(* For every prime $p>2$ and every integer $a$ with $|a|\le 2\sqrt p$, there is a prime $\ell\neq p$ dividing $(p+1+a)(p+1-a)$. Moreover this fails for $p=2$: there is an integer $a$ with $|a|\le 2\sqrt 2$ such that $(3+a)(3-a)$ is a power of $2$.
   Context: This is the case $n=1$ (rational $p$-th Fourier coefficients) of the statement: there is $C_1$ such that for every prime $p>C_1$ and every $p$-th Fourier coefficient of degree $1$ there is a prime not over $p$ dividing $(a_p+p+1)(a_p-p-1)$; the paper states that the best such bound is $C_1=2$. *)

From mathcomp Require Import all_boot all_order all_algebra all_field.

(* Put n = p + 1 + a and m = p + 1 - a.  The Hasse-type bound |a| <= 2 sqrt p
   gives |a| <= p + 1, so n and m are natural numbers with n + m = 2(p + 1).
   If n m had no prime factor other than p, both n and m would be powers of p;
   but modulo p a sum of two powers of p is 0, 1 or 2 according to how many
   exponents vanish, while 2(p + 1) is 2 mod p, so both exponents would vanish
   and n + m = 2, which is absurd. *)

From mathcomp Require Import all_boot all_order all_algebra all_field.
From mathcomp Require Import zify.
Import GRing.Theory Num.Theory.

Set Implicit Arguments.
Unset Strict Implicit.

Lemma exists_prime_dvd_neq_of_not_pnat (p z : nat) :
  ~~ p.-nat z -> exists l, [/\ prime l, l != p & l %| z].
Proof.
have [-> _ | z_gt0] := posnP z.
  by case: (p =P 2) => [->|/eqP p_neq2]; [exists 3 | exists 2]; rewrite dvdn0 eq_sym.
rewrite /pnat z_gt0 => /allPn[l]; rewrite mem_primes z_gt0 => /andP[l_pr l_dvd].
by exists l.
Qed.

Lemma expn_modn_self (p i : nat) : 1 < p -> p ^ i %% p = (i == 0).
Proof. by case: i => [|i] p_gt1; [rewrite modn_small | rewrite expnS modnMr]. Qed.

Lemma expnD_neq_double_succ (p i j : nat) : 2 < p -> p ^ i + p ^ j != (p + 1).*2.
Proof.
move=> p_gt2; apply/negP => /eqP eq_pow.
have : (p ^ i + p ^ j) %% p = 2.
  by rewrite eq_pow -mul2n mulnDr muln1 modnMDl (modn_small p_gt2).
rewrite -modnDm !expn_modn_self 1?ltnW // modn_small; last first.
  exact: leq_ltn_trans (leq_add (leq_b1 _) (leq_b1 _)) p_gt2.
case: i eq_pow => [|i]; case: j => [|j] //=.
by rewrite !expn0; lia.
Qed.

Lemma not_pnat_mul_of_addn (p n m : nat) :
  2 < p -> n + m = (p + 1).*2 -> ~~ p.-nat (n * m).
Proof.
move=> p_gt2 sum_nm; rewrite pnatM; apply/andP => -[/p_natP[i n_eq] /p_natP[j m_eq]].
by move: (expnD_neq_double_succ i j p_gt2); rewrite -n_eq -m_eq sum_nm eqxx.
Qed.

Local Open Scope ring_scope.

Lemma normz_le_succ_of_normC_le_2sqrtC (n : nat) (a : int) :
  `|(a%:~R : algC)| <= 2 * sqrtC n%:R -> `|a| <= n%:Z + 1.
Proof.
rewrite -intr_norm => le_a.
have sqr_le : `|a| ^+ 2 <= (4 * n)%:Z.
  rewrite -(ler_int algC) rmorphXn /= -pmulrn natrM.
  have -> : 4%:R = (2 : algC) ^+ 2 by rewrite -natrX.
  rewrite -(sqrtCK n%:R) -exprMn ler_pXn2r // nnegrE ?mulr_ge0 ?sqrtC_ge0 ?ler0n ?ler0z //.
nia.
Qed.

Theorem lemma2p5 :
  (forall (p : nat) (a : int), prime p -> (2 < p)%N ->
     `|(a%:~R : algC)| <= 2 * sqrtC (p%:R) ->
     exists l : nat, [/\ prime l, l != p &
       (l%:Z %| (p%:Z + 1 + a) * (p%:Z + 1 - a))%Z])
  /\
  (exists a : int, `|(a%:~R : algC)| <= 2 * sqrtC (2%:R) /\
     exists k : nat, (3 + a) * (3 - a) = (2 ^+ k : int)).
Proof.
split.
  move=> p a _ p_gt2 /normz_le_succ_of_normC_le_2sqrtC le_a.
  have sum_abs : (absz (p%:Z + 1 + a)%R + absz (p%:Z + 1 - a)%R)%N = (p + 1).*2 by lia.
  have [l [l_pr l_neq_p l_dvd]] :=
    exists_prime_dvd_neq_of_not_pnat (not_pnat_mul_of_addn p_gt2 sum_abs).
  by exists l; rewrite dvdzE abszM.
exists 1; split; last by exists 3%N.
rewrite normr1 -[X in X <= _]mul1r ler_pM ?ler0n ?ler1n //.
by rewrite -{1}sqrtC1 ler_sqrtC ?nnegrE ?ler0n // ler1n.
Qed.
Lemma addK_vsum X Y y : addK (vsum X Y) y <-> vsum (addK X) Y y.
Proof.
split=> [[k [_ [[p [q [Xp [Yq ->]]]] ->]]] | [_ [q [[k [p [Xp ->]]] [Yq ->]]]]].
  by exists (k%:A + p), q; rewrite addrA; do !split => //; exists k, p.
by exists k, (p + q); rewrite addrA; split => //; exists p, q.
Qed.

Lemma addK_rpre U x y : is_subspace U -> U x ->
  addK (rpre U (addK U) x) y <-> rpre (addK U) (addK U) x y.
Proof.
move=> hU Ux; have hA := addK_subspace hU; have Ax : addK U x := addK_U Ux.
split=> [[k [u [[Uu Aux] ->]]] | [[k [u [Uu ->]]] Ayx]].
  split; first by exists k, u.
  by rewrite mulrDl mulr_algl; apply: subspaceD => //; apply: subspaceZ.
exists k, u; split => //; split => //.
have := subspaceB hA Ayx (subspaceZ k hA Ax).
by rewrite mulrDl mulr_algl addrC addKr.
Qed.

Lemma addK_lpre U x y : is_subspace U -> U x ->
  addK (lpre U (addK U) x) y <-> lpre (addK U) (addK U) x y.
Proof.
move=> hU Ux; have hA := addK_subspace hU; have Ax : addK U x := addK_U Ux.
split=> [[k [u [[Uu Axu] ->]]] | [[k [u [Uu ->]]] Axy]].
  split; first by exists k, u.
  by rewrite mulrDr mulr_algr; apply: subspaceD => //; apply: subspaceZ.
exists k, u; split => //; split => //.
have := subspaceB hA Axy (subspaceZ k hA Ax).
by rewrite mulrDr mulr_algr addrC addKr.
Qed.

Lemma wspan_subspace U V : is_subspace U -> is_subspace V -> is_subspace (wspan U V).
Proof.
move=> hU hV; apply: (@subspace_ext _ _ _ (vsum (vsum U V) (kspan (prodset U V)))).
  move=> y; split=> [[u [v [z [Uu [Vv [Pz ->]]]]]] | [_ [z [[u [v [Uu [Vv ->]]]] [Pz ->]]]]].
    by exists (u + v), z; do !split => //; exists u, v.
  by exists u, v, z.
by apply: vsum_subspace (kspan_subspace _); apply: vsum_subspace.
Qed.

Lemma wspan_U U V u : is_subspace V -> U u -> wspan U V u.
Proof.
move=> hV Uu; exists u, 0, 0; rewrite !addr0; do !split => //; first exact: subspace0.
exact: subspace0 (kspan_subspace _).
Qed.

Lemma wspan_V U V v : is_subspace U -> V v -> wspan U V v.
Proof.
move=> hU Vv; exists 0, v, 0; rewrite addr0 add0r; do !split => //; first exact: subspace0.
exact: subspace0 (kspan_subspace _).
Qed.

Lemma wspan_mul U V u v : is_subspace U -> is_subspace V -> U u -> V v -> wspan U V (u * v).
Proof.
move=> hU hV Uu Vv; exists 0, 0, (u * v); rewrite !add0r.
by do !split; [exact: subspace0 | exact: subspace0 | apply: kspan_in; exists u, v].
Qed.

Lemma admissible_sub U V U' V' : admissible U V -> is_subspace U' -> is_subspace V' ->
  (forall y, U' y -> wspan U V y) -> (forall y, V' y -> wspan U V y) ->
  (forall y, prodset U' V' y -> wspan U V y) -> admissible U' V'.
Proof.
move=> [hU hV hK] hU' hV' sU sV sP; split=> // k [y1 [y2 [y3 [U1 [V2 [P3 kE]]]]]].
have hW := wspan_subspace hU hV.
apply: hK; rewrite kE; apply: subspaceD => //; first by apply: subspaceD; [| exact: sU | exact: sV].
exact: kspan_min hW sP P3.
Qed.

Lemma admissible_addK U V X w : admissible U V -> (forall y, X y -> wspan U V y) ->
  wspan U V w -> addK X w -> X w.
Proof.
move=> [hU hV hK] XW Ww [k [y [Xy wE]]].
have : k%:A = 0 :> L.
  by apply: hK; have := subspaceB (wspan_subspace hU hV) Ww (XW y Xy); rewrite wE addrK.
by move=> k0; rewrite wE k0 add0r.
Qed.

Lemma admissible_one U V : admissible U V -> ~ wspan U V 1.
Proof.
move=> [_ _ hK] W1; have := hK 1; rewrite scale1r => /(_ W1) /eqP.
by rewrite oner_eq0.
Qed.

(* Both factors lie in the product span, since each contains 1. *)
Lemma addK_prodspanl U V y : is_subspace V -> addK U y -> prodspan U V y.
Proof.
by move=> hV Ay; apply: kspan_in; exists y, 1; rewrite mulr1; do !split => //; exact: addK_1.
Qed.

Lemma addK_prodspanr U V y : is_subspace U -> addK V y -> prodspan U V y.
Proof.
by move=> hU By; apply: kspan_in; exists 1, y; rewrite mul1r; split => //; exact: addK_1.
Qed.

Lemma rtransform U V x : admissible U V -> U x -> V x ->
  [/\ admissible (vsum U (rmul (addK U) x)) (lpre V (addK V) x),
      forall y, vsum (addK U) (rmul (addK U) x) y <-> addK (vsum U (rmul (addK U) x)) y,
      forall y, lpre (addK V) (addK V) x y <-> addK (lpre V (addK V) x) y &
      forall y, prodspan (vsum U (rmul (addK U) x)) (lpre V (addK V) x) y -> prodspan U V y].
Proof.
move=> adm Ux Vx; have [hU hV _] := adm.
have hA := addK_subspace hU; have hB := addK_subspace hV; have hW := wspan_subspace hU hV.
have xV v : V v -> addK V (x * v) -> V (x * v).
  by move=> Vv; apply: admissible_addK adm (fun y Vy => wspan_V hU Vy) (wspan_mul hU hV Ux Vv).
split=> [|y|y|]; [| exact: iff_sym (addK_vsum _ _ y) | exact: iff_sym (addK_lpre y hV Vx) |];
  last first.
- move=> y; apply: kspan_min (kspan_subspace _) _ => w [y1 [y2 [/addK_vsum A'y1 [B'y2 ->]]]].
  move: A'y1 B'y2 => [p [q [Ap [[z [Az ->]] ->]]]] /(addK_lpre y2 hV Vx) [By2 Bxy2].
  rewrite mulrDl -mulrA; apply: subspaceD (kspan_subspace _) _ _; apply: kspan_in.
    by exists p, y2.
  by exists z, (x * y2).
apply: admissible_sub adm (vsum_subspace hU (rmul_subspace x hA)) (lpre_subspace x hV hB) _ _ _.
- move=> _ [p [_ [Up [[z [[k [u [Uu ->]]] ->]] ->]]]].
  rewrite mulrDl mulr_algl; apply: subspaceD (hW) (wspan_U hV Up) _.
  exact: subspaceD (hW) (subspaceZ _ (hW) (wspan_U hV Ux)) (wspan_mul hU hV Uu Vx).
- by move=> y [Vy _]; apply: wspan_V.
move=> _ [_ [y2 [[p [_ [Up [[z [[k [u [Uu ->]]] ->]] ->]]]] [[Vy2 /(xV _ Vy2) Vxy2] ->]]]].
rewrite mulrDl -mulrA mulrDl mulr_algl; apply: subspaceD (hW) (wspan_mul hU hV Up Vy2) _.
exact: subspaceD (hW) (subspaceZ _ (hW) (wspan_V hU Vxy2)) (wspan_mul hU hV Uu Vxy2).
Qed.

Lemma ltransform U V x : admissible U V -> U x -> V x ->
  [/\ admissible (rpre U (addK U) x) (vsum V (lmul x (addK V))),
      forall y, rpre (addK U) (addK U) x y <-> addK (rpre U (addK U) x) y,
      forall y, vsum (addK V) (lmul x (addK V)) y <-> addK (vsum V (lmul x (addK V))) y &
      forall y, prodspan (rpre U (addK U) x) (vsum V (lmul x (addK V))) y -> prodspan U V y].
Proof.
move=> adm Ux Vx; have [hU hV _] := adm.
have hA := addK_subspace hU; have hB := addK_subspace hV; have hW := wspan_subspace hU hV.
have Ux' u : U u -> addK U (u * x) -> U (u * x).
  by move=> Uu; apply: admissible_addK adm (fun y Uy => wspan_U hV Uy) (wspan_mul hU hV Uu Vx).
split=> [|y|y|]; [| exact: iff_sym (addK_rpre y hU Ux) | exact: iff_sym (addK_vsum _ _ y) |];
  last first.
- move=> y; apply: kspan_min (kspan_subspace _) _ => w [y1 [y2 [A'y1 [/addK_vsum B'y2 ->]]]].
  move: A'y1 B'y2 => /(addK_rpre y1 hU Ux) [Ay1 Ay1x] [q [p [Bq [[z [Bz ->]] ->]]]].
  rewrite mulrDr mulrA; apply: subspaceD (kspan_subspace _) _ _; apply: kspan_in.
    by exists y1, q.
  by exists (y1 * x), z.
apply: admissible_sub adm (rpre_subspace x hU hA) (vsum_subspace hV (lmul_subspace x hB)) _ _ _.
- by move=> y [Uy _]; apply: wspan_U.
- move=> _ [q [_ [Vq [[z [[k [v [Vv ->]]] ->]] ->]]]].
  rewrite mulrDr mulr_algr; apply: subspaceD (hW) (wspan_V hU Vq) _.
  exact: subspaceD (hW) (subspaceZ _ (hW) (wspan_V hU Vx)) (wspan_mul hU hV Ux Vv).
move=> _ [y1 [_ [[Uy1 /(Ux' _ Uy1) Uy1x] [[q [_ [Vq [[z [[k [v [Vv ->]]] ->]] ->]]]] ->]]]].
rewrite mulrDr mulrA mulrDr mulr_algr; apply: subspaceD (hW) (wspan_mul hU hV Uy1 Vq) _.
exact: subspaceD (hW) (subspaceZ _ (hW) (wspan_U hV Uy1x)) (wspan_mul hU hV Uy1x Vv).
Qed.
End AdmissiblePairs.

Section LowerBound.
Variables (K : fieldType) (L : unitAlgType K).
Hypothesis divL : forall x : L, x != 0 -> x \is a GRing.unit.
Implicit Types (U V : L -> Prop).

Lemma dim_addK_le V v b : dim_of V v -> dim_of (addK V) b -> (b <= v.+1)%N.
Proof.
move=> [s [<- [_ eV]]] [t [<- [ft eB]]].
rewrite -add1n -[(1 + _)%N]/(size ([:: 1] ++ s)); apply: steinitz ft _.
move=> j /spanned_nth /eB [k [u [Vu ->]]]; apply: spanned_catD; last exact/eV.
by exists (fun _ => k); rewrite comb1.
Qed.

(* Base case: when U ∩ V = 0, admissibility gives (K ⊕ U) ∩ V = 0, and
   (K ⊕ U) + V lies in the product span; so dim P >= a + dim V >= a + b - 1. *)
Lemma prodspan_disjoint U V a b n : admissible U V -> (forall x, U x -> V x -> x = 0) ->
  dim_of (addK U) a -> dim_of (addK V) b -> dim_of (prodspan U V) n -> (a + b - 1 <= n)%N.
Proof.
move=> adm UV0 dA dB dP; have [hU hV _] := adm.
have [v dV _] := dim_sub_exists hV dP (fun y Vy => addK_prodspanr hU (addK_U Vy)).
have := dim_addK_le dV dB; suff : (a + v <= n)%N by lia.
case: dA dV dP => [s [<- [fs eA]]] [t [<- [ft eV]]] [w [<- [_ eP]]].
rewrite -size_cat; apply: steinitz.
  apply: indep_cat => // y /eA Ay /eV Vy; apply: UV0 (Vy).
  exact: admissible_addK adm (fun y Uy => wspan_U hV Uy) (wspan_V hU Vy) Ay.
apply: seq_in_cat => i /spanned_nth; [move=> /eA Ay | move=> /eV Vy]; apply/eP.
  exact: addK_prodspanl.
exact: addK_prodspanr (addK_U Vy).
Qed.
━━━━━━━━━━━━━━━━━━━━━━━━━━━━━━
What needs to be done: Would you copy out each line of the records above where the word "with" occurs?

Task response:
(* For every prime $p>2$ and every integer $a$ with $|a|\le 2\sqrt p$, there is a prime $\ell\neq p$ dividing $(p+1+a)(p+1-a)$. Moreover this fails for $p=2$: there is an integer $a$ with $|a|\le 2\sqrt 2$ such that $(3+a)(3-a)$ is a power of $2$.
   gives |a| <= p + 1, so n and m are natural numbers with n + m = 2(p + 1).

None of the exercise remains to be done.